Demikianlah beberapa ciri umum yang ada pada BJL, yang berbeda
sekali dengan yang terdapat di dalam BJB. Akan tetapi, perlu diingat bahwa
sekalipun berbeda dengan dialek lain, secara umum pemakai dialek lain
mampu memahami dialek ini. Buktinya di daerah-daerah pemakaian dialek
lain, seperti yang terlihat di Jawa Tengah dan Daerah Istimewa Yogyakarta,
orang dapat menikmati pertunjukan atau siaran sandiwara ludruk. Ini
membuktikan betapa tepatnya pendapat Meillet yang menyatakan bahwa ciri
utama dialek ialah “perbedaan dalam kesatuan, dan kesatuan dalam
perbedaan” (Ayatrohaedi, 1979: 2).
D. SIMPULAN
Berdasarkan uraian di atas dapat disimpulkan sebagai berikut:
1) Penutur-penutur BJL kebanyakan menggunakan ragam ngoko. Kalaupun
digunakan ragam krama, mereka memakai ragam krama desa.
2) Terdapat pemakaian kosa kata tertentu seperti: yakapa, mene, dan arek yang
membedakannya dengan pemakaian kosa kata di dalam BJ dialek Sala Yogya.
3) Untuk menyangatkan maksud, di dalam BJL dilakukan penambahan fonem
/w/, /u/, atau /uw/ pada kata sifat.
4) Untuk menegaskan pertanyaan, di dalam BJL ada kecenderungan untuk
menambahkan fonem /a/ di belakang kata-kata tertentu seperti rika menjadi
rikaa dan bapakmu menjadi bapakmua.
5) Di dalam BJL terdapat pemakaian bentuk baur BJ-BI seperti perhatekna dan
nyurahna.
20
DAFTAR PUSTAKA
Ayatrohaedi. 1979. Dialektologi Sebuah Pengantar. Jakarta: Pusat Pembinaan dan
Pengembangan Bahasa Departemen Pendidikan dan Kebudayaan.
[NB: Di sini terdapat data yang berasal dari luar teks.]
(* Consider the constraint system obtained from (ILP-1) by replacing, in the flow constraints, the one-to-many flows indexed by $b\in\texttt{src}$ with many-to-one flows indexed by $b\in\texttt{snk}$: for all $b\in\texttt{snk}$, $s\in S$, $t$: $F^b_{st}=-\sum_{r\in\texttt{src}}z_{rs0}$ if $t=0$, $F^b_{st}=|\texttt{src}|\,z_{bsT}$ if $t=T$, and $F^b_{st}=0$ otherwise (with the bridge constraints now imposed for $b\in\texttt{snk}$). For any feasible point of this system, defining $s^r_t$ as the unique state with $z_{rs^r_tt}=1$ and $\pi^r=s^r_0\cdots s^r_T$, the $\pi^r$ are mobility paths and for every $i\in\texttt{src}$ and $j\in\texttt{snk}$ there exists an agent-to-agent information path $\bar\pi^{i,j}$ valid with respect to $\{\pi^r\}$.
   Context: A mobility-communication network is $\mathcal N=(S,\rightarrow,\rightsquigarrow)$ with $S$ finite, $\rightarrow\subseteq S\times S$ directed mobility edges, $\rightsquigarrow\subseteq S\times S$ directed communication edges; $C^\mp_\rightarrow(s)$, $C^\mp_\rightsquigarrow(s)$ denote predecessor/successor sets along the respective edges. There are $R$ agents with initial states $s^r_0$, horizon $T\ge1$, and $\texttt{src},\texttt{snk}\subseteq\{1,\dots,R\}$. A mobility path is $s_0\cdots s_T$ with $(s_t,s_{t+1})\in\rightarrow$. An information path is $\mathfrak s^0_0\cdots\mathfrak s^{n_0}_0\mathfrak s^0_1\cdots\mathfrak s^{n_T}_T$ with $(\mathfrak s^i_t,\mathfrak s^{i+1}_t)\in\rightsquigarrow$ for $i<n_t$ and $(\mathfrak s^{n_t}_t,\mathfrak s^0_{t+1})\in\rightarrow$ for $t<T$; an agent-to-agent information path $\bar\pi^{i,j}$ starts at $s^i_0$ and ends at $s^j_T$. It is valid w.r.t. mobility paths $\{\pi^r=s^r_0\cdots s^r_T\}$ if $\{\mathfrak s^i_t\}_{i\le n_t}\subseteq\{s^r_t\}_r$ for all $t$ and $(\mathfrak s^{n_t}_t,\mathfrak s^0_{t+1})\in\{(s^r_t,s^r_{t+1})\}_r$ for all $t<T$. Variables: binary $z_{rst}$ ($0\le t\le T$), $x_{rss't}$ ($(s,s')\in\rightarrow$, $t<T$); nonnegative integer $f^b_{ss't}$ ($(s,s')\in\rightarrow$, $t<T$), $\bar f^b_{ss't}$ ($(s,s')\in\rightsquigarrow$, $t\le T$). $F^b_{st}=\sum_{s'\in C^-_\rightarrow(s)}f^b_{s's(t-1)}+\sum_{s'\in C^-_\rightsquigarrow(s)}\bar f^b_{s'st}-\sum_{s'\in C^+_\rightarrow(s)}f^b_{ss't}-\sum_{s'\in C^+_\rightsquigarrow(s)}\bar f^b_{ss't}$ (terms with time $-1$ or mobility time $T$ omitted). With a constant $N\ge R$, the remaining constraints are: $z_{rs0}=1$ iff $s=s^r_0$; $z_{rs(t+1)}=\sum_{s'\in C^-_\rightarrow(s)}x_{rs'st}$ and $z_{rst}=\sum_{s'\in C^+_\rightarrow(s)}x_{rss't}$ for $t<T$; $\bar f^b_{ss't}\le N\sum_rz_{rst}$, $\bar f^b_{ss't}\le N\sum_rz_{rs't}$, $f^b_{ss't}\le N\sum_rx_{rss't}$ for every flow index $b$. *)

From HB Require Import structures.
From mathcomp Require Import all_boot all_order all_algebra.
Set Implicit Arguments. Unset Strict Implicit. Unset Printing Implicit Defensive.
Import GRing.Theory Num.Theory.

(* Net flow F^b_{st} for one flow index b, given the mobility-edge flows
   f s s' t (meaningful for (s,s') mobility edge, t < T) and the
   communication-edge flows fb s s' t (meaningful for (s,s') comm edge, t <= T).
   Terms with time -1 or mobility time T are omitted. *)
Definition netflow (S : finType) (mob comm : rel S) (T : nat)
    (f fb : S -> S -> nat -> nat) (s : S) (t : nat) : int :=
  ((if (0 < t)%N then \sum_(s' | mob s' s) (f s' s t.-1)%:Z else 0)
   + \sum_(s' | comm s' s) (fb s' s t)%:Z
   - (if (t < T)%N then \sum_(s' | mob s s') (f s s' t)%:Z else 0)
   - \sum_(s' | comm s s') (fb s s' t)%:Z)%R.

Definition mobility_path (S : finType) (mob : rel S) (T : nat) (pi : nat -> S) :=
  forall t, (t < T)%N -> mob (pi t) (pi t.+1).

(* An information path: for each t <= T a nonempty segment
   a t :: l t = s^0_t ... s^{n_t}_t, consecutive states along comm edges,
   and (s^{n_t}_t, s^0_{t+1}) a mobility edge for t < T. *)
Definition info_path (S : finType) (mob comm : rel S) (T : nat)
    (a : nat -> S) (l : nat -> seq S) :=
  (forall t, (t <= T)%N -> path comm (a t) (l t)) /\
  (forall t, (t < T)%N -> mob (last (a t) (l t)) (a t.+1)).

Definition agent_info_path (S : finType) (mob comm : rel S) (T R : nat)
    (pi : 'I_R -> nat -> S) (i j : 'I_R) (a : nat -> S) (l : nat -> seq S) :=
  info_path mob comm T a l /\ a 0%N = pi i 0%N /\ last (a T) (l T) = pi j T.

Definition valid_info_path (S : finType) (T R : nat) (pi : 'I_R -> nat -> S)
    (a : nat -> S) (l : nat -> seq S) :=
  (forall t, (t <= T)%N -> forall s, s \in a t :: l t -> exists r, s = pi r t) /\
  (forall t, (t < T)%N -> exists r,
      last (a t) (l t) = pi r t /\ a t.+1 = pi r t.+1).

From HB Require Import structures.
From mathcomp Require Import all_boot all_order all_algebra.
Import Order.TTheory GRing.Theory Num.Theory.
From mathcomp Require Import ring boolp.

(* Each z_{r,.,t} sums to one (the x-flow conserves it), so it is the
   indicator of a single state s^r_t, and x moves agents only along their paths.
   For i in src and j in snk, let X be the set of time-expanded states (s, t)
   reached from s^i_0 by a valid prefix of an information path.  By the bridge
   constraints every edge carrying positive j-flow joins occupied states along
   an agent's move, so X is closed under positive j-flow, and summing the flow
   balance F^j over X gives a nonnegative number (only inflow from outside X
   survives).  The flow constraints evaluate the same sum as minus the supply
   of X at time 0 (at least 1, since s^i_0 is in X) plus |src| z_{j,s,T} summed
   over X at time T, so X contains s^j_T. *)

Set Implicit Arguments. Unset Strict Implicit.
Local Open Scope ring_scope.

Lemma sum_inflow_sub_outflow_ge0 (R : numDomainType) (S : finType) (E : rel S)
    (g : S -> S -> R) (p q : S -> R) :
  (forall a b, E a b -> 0 <= (q b - p a) * g a b) ->
  0 <= \sum_s q s * \sum_(s' | E s' s) g s' s
       - \sum_s p s * \sum_(s' | E s s') g s s'.
Proof.
move=> edge_ge0.
under eq_bigr do rewrite mulr_sumr.
under [X in _ - X]eq_bigr do rewrite mulr_sumr.
rewrite [X in _ - X](exchange_big_dep xpredT) //= -sumrB.
apply: sumr_ge0 => s _; rewrite -sumrB; apply: sumr_ge0 => s' Es's.
by rewrite -mulrBl; apply: edge_ge0.
Qed.

Section ClosedSetFlow.

Variables (S : finType) (mob comm : rel S) (T : nat) (f fb : S -> S -> nat -> nat).
Variable X : S -> nat -> bool.

Hypothesis X_comm_closed : forall s s' t, (t <= T)%N -> X s t -> comm s s' ->
  (0 < fb s s' t)%N -> X s' t.
Hypothesis X_mob_closed : forall s s' t, (t < T)%N -> X s t -> mob s s' ->
  (0 < f s s' t)%N -> X s' t.+1.

Let I s t : int := (X s t)%:R.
Kusuma, I Gusti Ananda. 1956. Kamus Bali-Indonesia. Denpasar Bali: Penerbit
Pustaka Balimas.
Poerwadarminta, W.J.S. 1939. Baoesastra Djawa. Groningen, Batavia: J.B.
Wolters Uitgivers Maatschappij N.V.
Suharno, Ignatius. 1974. Grammatical and Communicative Aspects of Javanese
(disertasi). Georgetown University Graduate School.
Wojowasito, Suwojo. 1970. Kamus Bahasa Jawa Kuno (Bahasa Kawi)-Bahasa
Indonesia. Malang: Lembaga Penerbitan FPBS IKIP Malang.